[Stored data]
◇ ◇ ◇

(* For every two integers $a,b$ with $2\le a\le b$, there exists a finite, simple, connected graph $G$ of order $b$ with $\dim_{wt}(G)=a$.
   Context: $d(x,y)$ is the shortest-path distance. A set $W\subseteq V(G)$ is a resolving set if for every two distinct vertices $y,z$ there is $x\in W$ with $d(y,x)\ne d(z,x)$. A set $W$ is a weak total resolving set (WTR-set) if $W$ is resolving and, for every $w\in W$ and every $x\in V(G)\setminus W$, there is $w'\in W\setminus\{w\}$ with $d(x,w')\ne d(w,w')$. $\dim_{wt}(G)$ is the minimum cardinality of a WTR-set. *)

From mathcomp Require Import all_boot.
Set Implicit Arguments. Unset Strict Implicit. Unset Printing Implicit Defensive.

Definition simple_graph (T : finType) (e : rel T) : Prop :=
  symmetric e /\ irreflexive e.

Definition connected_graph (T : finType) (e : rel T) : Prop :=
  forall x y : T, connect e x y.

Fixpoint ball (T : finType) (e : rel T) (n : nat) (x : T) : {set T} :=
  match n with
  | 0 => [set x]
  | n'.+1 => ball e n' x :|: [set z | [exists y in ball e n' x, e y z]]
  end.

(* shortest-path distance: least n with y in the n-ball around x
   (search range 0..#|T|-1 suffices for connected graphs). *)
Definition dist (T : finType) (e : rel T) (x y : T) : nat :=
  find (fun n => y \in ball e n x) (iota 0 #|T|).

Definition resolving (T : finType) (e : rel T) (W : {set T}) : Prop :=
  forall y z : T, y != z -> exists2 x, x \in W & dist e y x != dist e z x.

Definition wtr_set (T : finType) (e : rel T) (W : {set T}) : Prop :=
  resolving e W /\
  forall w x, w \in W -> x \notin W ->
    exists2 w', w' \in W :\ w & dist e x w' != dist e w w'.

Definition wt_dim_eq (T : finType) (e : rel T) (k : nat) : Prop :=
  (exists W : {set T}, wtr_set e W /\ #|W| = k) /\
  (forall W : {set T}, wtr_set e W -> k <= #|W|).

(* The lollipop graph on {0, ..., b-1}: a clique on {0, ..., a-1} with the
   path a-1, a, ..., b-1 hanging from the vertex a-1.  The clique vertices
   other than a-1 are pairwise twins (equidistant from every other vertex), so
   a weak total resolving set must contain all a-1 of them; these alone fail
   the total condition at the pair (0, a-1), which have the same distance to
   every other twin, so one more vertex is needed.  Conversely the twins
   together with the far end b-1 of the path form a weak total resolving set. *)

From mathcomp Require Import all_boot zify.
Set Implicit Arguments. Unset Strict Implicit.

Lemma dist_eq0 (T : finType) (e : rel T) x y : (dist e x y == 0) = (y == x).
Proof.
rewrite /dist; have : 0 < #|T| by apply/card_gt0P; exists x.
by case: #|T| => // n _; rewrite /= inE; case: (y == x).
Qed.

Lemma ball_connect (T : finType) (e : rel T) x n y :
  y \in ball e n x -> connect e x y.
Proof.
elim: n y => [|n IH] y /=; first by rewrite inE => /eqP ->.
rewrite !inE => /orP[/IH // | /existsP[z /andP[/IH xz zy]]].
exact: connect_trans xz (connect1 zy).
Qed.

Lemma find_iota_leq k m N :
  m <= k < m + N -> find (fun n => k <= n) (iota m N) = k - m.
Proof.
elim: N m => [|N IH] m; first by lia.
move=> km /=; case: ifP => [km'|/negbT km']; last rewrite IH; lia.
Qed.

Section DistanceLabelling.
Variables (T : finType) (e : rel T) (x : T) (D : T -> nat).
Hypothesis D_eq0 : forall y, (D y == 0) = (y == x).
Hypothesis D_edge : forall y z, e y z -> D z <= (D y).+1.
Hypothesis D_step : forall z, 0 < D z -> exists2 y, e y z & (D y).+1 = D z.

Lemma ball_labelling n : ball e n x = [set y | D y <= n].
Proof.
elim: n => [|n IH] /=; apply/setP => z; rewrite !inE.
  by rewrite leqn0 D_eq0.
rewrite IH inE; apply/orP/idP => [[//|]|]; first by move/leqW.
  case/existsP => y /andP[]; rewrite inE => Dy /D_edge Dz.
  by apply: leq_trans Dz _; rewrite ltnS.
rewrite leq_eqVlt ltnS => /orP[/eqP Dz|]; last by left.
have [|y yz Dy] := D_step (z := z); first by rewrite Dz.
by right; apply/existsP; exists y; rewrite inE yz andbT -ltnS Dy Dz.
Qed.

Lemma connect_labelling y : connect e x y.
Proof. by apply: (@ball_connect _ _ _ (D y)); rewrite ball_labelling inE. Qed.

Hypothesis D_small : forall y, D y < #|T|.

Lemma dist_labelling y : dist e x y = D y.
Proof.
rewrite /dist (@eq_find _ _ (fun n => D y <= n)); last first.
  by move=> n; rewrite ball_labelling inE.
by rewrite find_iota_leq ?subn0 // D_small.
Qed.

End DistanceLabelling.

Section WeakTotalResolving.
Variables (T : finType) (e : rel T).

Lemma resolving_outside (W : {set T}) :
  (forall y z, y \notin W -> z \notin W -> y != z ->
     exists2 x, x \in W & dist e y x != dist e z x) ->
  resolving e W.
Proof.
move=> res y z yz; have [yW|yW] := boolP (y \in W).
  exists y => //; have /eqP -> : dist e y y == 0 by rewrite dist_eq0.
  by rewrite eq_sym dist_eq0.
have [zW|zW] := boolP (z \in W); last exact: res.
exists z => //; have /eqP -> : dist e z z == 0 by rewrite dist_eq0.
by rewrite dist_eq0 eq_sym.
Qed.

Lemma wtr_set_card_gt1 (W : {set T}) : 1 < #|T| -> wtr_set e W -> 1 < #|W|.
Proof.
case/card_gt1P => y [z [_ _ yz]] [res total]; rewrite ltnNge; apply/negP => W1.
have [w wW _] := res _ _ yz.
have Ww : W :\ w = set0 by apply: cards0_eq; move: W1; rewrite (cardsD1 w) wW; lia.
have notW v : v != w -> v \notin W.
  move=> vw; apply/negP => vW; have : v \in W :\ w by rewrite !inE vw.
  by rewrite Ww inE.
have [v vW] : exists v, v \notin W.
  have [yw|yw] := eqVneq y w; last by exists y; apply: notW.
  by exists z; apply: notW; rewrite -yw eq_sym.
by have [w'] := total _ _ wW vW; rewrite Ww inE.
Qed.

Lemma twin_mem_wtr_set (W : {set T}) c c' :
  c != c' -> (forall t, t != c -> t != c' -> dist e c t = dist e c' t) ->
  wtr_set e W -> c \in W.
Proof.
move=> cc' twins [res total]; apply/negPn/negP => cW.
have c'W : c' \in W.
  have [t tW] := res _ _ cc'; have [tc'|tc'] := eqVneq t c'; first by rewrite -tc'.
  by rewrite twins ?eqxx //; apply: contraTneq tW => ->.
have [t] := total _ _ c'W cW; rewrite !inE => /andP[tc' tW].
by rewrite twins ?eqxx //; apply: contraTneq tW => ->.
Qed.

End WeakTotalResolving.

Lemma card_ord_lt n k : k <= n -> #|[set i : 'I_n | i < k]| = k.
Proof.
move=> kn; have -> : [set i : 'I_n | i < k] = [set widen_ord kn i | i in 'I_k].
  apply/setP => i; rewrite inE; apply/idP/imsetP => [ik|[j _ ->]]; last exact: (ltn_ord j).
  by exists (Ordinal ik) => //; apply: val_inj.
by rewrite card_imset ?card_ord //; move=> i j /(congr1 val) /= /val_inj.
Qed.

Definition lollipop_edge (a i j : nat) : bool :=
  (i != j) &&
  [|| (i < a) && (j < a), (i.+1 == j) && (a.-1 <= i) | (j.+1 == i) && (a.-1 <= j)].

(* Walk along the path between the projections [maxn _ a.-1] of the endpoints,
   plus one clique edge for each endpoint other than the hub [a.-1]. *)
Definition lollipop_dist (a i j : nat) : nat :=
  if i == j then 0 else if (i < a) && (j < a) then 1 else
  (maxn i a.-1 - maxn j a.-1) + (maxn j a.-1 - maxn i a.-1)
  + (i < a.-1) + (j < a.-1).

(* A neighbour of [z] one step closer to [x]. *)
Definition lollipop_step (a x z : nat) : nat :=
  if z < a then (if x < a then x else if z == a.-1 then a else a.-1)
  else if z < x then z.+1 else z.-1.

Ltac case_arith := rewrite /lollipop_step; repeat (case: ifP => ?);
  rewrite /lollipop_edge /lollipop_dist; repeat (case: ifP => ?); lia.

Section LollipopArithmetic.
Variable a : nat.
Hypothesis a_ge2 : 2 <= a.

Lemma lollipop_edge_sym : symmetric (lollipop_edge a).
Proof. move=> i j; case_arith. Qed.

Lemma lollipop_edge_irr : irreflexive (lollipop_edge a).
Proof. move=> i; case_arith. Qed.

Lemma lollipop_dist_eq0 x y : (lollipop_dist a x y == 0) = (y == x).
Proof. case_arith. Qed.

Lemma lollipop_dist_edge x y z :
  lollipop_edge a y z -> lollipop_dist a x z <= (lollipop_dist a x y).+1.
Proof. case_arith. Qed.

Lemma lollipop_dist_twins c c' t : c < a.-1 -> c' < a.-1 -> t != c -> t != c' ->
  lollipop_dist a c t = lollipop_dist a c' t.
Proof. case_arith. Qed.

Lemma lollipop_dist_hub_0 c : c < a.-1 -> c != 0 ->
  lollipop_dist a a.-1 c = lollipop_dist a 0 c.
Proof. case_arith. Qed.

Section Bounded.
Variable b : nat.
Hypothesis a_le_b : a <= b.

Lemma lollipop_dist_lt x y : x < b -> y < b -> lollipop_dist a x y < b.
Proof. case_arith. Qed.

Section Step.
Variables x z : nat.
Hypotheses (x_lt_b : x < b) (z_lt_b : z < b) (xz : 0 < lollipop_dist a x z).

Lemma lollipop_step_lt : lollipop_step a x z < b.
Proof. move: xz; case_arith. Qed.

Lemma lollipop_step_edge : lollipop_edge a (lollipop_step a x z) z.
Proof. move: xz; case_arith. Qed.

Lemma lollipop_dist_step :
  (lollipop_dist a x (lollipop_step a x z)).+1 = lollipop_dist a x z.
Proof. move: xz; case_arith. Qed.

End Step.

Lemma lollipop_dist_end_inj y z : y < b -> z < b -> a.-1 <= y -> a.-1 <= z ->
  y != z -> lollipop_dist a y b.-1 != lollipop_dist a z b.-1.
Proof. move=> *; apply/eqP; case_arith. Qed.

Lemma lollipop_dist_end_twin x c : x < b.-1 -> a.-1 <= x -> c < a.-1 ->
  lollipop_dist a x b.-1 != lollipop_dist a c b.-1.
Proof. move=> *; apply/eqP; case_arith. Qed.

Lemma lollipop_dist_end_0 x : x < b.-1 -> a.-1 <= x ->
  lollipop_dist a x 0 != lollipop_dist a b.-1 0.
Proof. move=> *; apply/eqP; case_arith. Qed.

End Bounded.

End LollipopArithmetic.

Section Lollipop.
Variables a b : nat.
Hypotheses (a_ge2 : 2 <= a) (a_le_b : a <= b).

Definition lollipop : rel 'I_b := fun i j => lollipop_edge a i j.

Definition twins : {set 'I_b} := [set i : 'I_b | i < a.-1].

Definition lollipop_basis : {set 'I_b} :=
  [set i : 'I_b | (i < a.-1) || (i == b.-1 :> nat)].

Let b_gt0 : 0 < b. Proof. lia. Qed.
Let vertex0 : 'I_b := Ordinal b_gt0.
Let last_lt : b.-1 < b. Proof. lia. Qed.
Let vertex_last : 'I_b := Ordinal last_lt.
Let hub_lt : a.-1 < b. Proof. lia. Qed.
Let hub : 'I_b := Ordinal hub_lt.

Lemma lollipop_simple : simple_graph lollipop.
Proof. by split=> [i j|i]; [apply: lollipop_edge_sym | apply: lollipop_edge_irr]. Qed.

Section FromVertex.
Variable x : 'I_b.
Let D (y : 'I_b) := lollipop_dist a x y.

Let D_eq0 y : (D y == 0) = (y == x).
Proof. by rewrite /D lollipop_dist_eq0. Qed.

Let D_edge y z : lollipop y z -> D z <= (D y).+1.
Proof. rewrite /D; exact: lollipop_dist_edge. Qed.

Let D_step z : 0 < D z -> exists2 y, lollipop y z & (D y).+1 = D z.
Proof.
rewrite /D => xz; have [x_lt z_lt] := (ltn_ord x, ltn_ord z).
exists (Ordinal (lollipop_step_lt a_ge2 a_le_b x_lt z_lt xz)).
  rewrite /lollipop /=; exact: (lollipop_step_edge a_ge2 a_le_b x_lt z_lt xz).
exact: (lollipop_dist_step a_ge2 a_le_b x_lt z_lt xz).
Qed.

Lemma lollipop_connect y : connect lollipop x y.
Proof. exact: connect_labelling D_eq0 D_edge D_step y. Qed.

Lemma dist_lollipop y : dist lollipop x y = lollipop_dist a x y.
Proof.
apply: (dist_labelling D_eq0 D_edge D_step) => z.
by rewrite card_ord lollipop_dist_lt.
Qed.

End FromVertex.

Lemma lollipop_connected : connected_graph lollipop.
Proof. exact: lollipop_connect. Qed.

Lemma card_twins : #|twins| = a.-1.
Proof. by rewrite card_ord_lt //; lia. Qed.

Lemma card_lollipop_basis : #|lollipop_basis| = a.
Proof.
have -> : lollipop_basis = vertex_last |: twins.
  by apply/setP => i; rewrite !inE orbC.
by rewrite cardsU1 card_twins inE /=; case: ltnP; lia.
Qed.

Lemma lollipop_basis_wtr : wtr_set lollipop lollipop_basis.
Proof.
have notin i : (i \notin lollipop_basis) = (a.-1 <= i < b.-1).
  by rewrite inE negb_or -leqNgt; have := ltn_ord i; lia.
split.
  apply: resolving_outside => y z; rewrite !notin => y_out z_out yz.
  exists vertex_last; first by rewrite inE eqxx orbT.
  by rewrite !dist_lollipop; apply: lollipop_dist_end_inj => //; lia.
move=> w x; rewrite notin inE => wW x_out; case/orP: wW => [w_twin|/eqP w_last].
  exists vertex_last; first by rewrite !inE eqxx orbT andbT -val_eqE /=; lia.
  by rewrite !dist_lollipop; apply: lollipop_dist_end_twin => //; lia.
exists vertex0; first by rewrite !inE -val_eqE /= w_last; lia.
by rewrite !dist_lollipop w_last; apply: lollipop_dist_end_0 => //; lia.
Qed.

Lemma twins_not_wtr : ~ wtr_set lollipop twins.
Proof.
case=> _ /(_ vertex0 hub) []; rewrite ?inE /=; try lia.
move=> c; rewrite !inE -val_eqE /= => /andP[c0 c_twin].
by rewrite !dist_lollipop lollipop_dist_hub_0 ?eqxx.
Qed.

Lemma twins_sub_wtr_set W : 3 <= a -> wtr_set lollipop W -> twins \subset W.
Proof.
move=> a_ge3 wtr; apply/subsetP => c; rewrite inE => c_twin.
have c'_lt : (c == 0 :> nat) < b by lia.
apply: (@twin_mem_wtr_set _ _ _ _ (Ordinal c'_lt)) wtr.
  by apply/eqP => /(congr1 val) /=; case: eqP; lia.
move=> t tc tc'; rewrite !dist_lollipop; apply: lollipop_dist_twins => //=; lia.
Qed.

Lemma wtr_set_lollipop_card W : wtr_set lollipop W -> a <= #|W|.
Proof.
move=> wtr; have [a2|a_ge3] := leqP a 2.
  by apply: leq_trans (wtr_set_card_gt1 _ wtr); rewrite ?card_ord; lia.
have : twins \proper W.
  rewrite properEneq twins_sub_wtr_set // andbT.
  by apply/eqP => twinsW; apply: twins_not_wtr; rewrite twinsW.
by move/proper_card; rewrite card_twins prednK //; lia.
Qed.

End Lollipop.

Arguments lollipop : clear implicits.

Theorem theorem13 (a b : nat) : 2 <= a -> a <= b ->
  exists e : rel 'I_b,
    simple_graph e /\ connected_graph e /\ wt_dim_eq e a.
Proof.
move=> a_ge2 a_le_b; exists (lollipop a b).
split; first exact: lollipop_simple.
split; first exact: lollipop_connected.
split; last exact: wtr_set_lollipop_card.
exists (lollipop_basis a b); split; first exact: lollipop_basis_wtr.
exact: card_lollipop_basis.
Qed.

◇ ◇ ◇

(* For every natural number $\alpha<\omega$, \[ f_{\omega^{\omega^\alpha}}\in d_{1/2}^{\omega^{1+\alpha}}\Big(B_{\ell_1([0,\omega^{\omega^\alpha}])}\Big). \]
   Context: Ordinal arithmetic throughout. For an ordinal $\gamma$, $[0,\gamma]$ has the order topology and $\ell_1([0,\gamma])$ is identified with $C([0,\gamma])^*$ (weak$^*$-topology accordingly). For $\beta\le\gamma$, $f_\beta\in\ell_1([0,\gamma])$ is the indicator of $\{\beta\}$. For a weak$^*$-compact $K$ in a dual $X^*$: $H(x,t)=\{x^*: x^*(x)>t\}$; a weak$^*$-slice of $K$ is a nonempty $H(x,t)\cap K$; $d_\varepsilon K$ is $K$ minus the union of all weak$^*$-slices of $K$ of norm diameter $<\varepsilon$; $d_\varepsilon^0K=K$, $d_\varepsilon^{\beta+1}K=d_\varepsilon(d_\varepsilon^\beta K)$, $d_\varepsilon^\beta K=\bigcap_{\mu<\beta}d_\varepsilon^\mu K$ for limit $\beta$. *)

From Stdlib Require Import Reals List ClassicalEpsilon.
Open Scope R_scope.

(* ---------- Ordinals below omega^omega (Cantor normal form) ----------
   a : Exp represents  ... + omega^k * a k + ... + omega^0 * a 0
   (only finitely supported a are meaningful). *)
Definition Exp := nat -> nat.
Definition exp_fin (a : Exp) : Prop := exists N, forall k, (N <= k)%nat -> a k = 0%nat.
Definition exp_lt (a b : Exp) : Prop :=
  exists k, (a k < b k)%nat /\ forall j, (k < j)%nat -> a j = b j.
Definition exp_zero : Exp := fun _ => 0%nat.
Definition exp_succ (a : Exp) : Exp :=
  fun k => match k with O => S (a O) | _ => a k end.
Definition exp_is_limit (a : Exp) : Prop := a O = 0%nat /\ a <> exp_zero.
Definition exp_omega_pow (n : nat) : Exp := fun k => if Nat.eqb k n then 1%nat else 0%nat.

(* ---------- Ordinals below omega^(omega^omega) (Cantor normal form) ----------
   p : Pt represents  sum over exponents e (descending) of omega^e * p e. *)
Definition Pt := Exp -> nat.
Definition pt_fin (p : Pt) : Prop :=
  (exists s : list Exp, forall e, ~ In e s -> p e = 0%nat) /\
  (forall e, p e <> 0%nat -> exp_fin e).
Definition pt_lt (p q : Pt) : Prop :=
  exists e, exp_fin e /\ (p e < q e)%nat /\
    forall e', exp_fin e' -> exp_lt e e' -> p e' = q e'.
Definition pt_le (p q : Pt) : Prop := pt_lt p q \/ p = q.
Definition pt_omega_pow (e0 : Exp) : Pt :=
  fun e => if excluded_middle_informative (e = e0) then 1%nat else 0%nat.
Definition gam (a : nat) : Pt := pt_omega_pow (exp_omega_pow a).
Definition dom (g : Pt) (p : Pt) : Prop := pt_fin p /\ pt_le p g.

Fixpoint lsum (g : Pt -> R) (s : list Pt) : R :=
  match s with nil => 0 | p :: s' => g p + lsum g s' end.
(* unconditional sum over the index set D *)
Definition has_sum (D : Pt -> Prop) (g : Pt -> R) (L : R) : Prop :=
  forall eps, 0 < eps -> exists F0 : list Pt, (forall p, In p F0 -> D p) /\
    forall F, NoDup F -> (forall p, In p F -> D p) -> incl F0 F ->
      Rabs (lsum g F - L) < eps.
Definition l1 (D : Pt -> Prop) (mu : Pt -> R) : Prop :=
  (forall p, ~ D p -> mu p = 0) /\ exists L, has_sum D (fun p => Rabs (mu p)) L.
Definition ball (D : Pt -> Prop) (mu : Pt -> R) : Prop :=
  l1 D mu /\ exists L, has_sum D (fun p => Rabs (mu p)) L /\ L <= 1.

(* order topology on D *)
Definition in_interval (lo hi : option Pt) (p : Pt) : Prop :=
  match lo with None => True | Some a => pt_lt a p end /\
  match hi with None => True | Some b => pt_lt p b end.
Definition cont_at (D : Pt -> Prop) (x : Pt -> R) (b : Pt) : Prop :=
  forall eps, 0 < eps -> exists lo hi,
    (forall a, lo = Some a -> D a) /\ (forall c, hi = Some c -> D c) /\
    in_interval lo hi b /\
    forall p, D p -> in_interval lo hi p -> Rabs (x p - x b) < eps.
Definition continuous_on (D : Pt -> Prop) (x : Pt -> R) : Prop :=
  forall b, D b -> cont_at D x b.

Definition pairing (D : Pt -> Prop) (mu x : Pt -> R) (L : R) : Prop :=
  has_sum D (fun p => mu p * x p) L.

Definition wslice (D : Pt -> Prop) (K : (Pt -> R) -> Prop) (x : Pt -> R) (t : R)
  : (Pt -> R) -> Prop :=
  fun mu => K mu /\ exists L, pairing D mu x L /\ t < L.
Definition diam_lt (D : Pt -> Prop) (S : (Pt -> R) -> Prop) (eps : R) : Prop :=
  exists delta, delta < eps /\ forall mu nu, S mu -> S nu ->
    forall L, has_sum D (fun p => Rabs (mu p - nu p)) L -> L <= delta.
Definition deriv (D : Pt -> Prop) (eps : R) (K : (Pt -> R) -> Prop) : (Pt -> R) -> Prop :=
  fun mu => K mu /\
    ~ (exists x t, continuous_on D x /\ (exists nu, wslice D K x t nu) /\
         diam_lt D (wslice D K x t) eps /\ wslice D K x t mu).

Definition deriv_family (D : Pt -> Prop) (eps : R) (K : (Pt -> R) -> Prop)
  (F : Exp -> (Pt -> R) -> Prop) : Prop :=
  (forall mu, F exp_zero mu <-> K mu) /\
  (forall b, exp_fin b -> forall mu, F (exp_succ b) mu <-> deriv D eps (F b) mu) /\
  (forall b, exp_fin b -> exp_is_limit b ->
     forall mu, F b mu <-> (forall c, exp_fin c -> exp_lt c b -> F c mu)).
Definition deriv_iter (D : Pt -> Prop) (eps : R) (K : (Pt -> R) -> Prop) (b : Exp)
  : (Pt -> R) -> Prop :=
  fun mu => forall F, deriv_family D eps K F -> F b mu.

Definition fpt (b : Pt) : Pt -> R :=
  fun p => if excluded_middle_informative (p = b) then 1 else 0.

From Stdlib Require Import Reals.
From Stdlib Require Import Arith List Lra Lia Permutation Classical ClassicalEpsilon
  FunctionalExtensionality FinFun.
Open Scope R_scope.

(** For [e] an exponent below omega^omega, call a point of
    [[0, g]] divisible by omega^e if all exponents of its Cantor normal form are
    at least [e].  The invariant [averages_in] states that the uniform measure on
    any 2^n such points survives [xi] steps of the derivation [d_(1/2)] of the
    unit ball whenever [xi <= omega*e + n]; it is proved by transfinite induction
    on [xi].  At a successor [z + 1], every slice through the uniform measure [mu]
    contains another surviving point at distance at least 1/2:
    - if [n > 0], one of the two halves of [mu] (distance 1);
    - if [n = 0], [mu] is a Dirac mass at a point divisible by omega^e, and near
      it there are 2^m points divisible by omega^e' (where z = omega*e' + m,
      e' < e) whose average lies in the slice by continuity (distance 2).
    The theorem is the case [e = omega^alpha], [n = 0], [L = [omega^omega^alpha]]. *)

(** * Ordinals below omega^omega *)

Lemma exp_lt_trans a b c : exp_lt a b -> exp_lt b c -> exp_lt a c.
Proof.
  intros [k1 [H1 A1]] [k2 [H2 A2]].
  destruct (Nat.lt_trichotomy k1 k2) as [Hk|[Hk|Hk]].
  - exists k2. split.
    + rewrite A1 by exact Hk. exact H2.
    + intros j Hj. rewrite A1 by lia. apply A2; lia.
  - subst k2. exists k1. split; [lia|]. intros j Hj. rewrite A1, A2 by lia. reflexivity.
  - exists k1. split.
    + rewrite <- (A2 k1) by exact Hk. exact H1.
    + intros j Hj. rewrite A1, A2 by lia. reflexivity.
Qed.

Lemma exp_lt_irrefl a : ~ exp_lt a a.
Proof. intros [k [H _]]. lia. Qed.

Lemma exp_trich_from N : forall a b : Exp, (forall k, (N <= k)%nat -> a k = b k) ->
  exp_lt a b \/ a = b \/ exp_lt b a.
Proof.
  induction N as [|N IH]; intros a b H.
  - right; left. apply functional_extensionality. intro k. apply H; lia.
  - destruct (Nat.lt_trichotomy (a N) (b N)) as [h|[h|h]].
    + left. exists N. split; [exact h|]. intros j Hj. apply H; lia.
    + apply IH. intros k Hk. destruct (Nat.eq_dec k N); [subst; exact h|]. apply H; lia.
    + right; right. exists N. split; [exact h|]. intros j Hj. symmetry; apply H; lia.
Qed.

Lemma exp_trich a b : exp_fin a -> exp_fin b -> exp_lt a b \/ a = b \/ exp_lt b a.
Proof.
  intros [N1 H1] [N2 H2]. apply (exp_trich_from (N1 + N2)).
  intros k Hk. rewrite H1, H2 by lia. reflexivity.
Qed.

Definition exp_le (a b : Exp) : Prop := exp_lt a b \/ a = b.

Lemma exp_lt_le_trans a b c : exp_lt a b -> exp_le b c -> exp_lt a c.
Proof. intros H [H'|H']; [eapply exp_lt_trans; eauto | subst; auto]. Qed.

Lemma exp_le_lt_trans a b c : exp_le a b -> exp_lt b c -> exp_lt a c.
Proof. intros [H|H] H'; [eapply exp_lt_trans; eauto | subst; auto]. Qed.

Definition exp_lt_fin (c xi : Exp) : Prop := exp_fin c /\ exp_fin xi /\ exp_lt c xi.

◇ ◇ ◇

◆ ASSIGNMENT ◆
Look above for the line holding "forall w x, w \in W -> x \notin W ->" and the line holding "(* The lollipop", then output exactly those two lines and every line between them, nothing more.

◆ ANSWER TO THIS EXERCISE ◆
  forall w x, w \in W -> x \notin W ->
    exists2 w', w' \in W :\ w & dist e x w' != dist e w w'.

Definition wt_dim_eq (T : finType) (e : rel T) (k : nat) : Prop :=
  (exists W : {set T}, wtr_set e W /\ #|W| = k) /\
  (forall W : {set T}, wtr_set e W -> k <= #|W|).

(* The lollipop graph on {0, ..., b-1}: a clique on {0, ..., a-1} with the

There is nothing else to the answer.